I love to play with words, and was inspired by the Opus cartoon in this Sunday's paper.

So I put together a few little word puzzles! Aren't you excited? I tried to put them into a crossword, but the graphic just didn't work out on here (I have a few choice words for Blogger). Now, I'm not totally sadistic. In the first place I'll give you some examples of how these puzzles work, the very ones from this comic. And at the end I will provide the answers, just roll your mouse over each number to see them if you get stumped. Here are the examples:
Coffee- the person upon whom one coughs
Flabbergasted- to be appalled at how much weight one has gained
Impotent- willy-nilly
Ready?
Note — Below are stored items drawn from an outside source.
(* There exist absolute constants $c>0$ and $C>0$ such that the following holds. Let $n\ge2$ be an integer and $L,B,\varepsilon>0$ with $\varepsilon\le LB^2/4$. Then for every PIFO algorithm $\mathcal{A}$ there exist a dimension $d\le C\big(1+Bn^{-1/4}\sqrt{L/\varepsilon}\big)$ and functions $f_1,\dots,f_n:\mathbb{R}^d\to\mathbb{R}$ such that $\{f_i\}_{i=1}^n$ is $L$-average smooth, $f=\frac1n\sum_i f_i$ is convex and has a minimizer $x^*$ with $\|x_0-x^*\|_2\le B$ ($x_0$ the initial point of $\mathcal{A}$), and the iterates of $\mathcal{A}$ satisfy $\mathbb{E} f(x_t)-f(x^* )\ge\varepsilon$ for all integers $0\le t\le c\big(n+Bn^{3/4}\sqrt{L/\varepsilon}\big)$. That is, $\mathcal{A}$ needs $\Omega(n+Bn^{3/4}\sqrt{L/\varepsilon})$ oracle queries.
   Context: Differentiable $f_1,\dots,f_n:\mathbb{R}^d\to\mathbb{R}$ are $L$-average smooth if $\frac1n\sum_{i=1}^n\|\nabla f_i(x)-\nabla f_i(y)\|_2^2\le L^2\|x-y\|_2^2$ for all $x,y$. For $\gamma>0$, $\mathrm{prox}^{\gamma}_g(x)=\arg\min_u\{g(u)+\frac{1}{2\gamma}\|x-u\|_2^2\}$. PIFO algorithm: given $f_1,\dots,f_n:\mathbb{R}^d\to\mathbb{R}$ and $f=\frac1n\sum_i f_i$, a PIFO algorithm $\mathcal{A}$ is specified by a probability vector $(p_1,\dots,p_n)$ ($p_j\ge0$, $\sum_j p_j=1$), an initial point $x_0$ and parameters $\gamma_t>0$; it draws indices $i_1,i_2,\dots$ independently with $\mathbb{P}(i_t=j)=p_j$, at step $t\ge1$ queries the oracle $h_f(x_{t-1},i_t,\gamma_t)=[f_{i_t}(x_{t-1}),\nabla f_{i_t}(x_{t-1}),\mathrm{prox}^{\gamma_t}_{f_{i_t}}(x_{t-1})]$, and outputs an iterate $x_t\in\mathrm{span}\{x_0,\dots,x_{t-1},\nabla f_{i_1}(x_0),\dots,\nabla f_{i_t}(x_{t-1}),\mathrm{prox}^{\gamma_1}_{f_{i_1}}(x_0),\dots,\mathrm{prox}^{\gamma_t}_{f_{i_t}}(x_{t-1})\}$ (the choice within the span may depend on all previously observed information). Iterate $x_t$ uses $t$ oracle queries. *)

From Stdlib Require Import Reals List.
Import ListNotations.
Open Scope R_scope.

(* Vectors of R^d are represented as functions nat -> R that vanish from
   index d on (predicate [inR d]). *)
Definition vec := nat -> R.

Fixpoint sumd (d : nat) (u : nat -> R) : R :=
  match d with O => 0 | S k => sumd k u + u k end.

Definition inR (d : nat) (x : vec) : Prop := forall k, (d <= k)%nat -> x k = 0.

Definition vadd (x y : vec) : vec := fun k => x k + y k.
Definition vsub (x y : vec) : vec := fun k => x k - y k.
Definition vscal (a : R) (x : vec) : vec := fun k => a * x k.
Definition vzero : vec := fun _ => 0.

Definition dot (d : nat) (x y : vec) : R := sumd d (fun k => x k * y k).
Definition norm2 (d : nat) (x : vec) : R := dot d x x.
Definition norm (d : nat) (x : vec) : R := sqrt (norm2 d x).

Definition has_grad (d : nat) (f : vec -> R) (x g : vec) : Prop :=
  inR d g /\
  forall eps, 0 < eps -> exists delta, 0 < delta /\
    forall h, inR d h -> norm d h < delta ->
      Rabs (f (vadd x h) - f x - dot d g h) <= eps * norm d h.

Definition is_prox (d : nat) (g : vec -> R) (gamma : R) (x u : vec) : Prop :=
  inR d u /\
  forall v, inR d v ->
    g u + / (2 * gamma) * norm2 d (vsub x u) <= g v + / (2 * gamma) * norm2 d (vsub x v).

Definition convex_on (d : nat) (F : vec -> R) : Prop :=
  forall x y a, inR d x -> inR d y -> 0 <= a <= 1 ->
    F (vadd (vscal a x) (vscal (1 - a) y)) <= a * F x + (1 - a) * F y.

Definition avg_smooth (n d : nat) (gf : nat -> vec -> vec) (L : R) : Prop :=
  forall x y, inR d x -> inR d y ->
    / INR n * sumd n (fun i => norm2 d (vsub (gf i x) (gf i y)))
      <= L ^ 2 * norm2 d (vsub x y).

Definition favg (n : nat) (f : nat -> vec -> R) : vec -> R :=
  fun x => / INR n * sumd n (fun i => f i x).

(* One oracle answer: index i_t, f_{i_t}(x_{t-1}), grad f_{i_t}(x_{t-1}),
   prox^{gamma_t}_{f_{i_t}}(x_{t-1}). *)
Record obs := mkobs { oidx : nat; oval : R; ograd : vec; oprox : vec }.

(* A PIFO algorithm (in a given dimension): probability vector p, initial
   point x0, parameters gamma_t, and the rule producing x_t from the whole
   observed history (histories are lists, most recent observation first). *)
Record pifo := mkpifo {
  pp : nat -> R;
  px0 : vec;
  pgam : nat -> R;
  pnext : list obs -> vec }.

Definition xof (A : pifo) (h : list obs) : vec :=
  match h with [] => px0 A | _ :: _ => pnext A h end.

Fixpoint tails {T} (l : list T) : list (list T) :=
  match l with [] => [] | _ :: l' => l' :: tails l' end.

Fixpoint lincomb (cs : list R) (vs : list vec) : vec :=
  match cs, vs with
  | c :: cs', v :: vs' => vadd (vscal c v) (lincomb cs' vs')
  | _, _ => vzero
  end.

Definition in_span (S : list vec) (v : vec) : Prop :=
  exists cs, length cs = length S /\ v = lincomb cs S.

(* the vectors available when producing x_t from history h (length t):
   x_0,...,x_{t-1}, the gradients and the prox outputs observed. *)
Definition span_set (A : pifo) (h : list obs) : list vec :=
  map (xof A) (tails h) ++ map ograd h ++ map oprox h.

Definition valid_pifo (n d : nat) (A : pifo) : Prop :=
  (forall j, (j < n)%nat -> 0 <= pp A j) /\ sumd n (pp A) = 1 /\
  inR d (px0 A) /\
  (forall t, (1 <= t)%nat -> 0 < pgam A t) /\
  (forall h, h <> [] -> in_span (span_set A h) (pnext A h)).

(* history generated by the index sequence is = [i_t; ...; i_1] *)
Fixpoint hist (A : pifo) (f : nat -> vec -> R) (gf : nat -> vec -> vec)
    (prox : nat -> R -> vec -> vec) (is : list nat) : list obs :=
  match is with
  | [] => []
  | i :: is' =>
      let h := hist A f gf prox is' in
      let x := xof A h in
      mkobs i (f i x) (gf i x) (prox i (pgam A (S (length is'))) x) :: h
  end.

(* expectation over t i.i.d. indices with law p on {0,...,n-1} *)
Fixpoint expect (n : nat) (p : nat -> R) (t : nat) (G : list nat -> R) : R :=
  match t with
  | O => G []
  | S t' => sumd n (fun j => p j * expect n p t' (fun l => G (j :: l)))
  end.

From Stdlib Require Import Reals List Lra Lia Psatz Classical ZArith.
Import ListNotations.
Open Scope R_scope.

(* All hard instances are averages of "orthogonal quadratics"
     Phi(x) = sum_p a_p/2 <w_p,x>^2 - b_p <w_p,x>,   w_p pairwise orthogonal,
   whose gradient and proximal point have closed forms in span{w_p} resp.
   x + span{w_p}.  The w_p are built from an orthonormal frame u_0..u_{m-1}
   of R^(2m) orthogonal to the initial point x0.  Call x "k-revealed" if it is
   orthogonal to u_l for all l >= k.  The components f_i are designed so that
   an oracle call to f_i at a k-revealed point only returns (k+1)-revealed
   vectors, and (k+1) only when i is one of at most two "active" indices of
   total probability <= 2/n; all other answers stay k-revealed.  By induction
   on the history every iterate is k-revealed with k = number of active hits,
   while the gap f(x) - f* on k-revealed points is an affine decreasing bound
   in k; linearity of expectation (E k = t * P(active)) then bounds the
   expected gap.  Two instances are used: for r = B n^(-1/4) sqrt(L/eps) < 30
   a one-direction instance in dimension 2, otherwise the classical
   "chain" quadratic with m ~ r/3 links split into odd and even links carried
   by the two active components. *)

Lemma sumd_ext d u v : (forall k, (k < d)%nat -> u k = v k) -> sumd d u = sumd d v.
Proof. induction d; simpl; intros H; auto. rewrite IHd by (intros; apply H; lia). rewrite H by lia. auto. Qed.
Alrighty then.
1. (8 letters) - One who gives small loans in exchange for post-dated checks.
2. (6 letters) - To retract one's signature.
3. (6 letters) - Liberated digits.
4. (7 letters) - Fake poop.
5. (8 letters) - 1/16 of a pound.
6. (9 letters) - Celebrity currency.
7. (6 letters) - Been there, done that.
8. (6 letters) - Kind of like a pear.
9. (7 letters) - To prepare for an angry outburst.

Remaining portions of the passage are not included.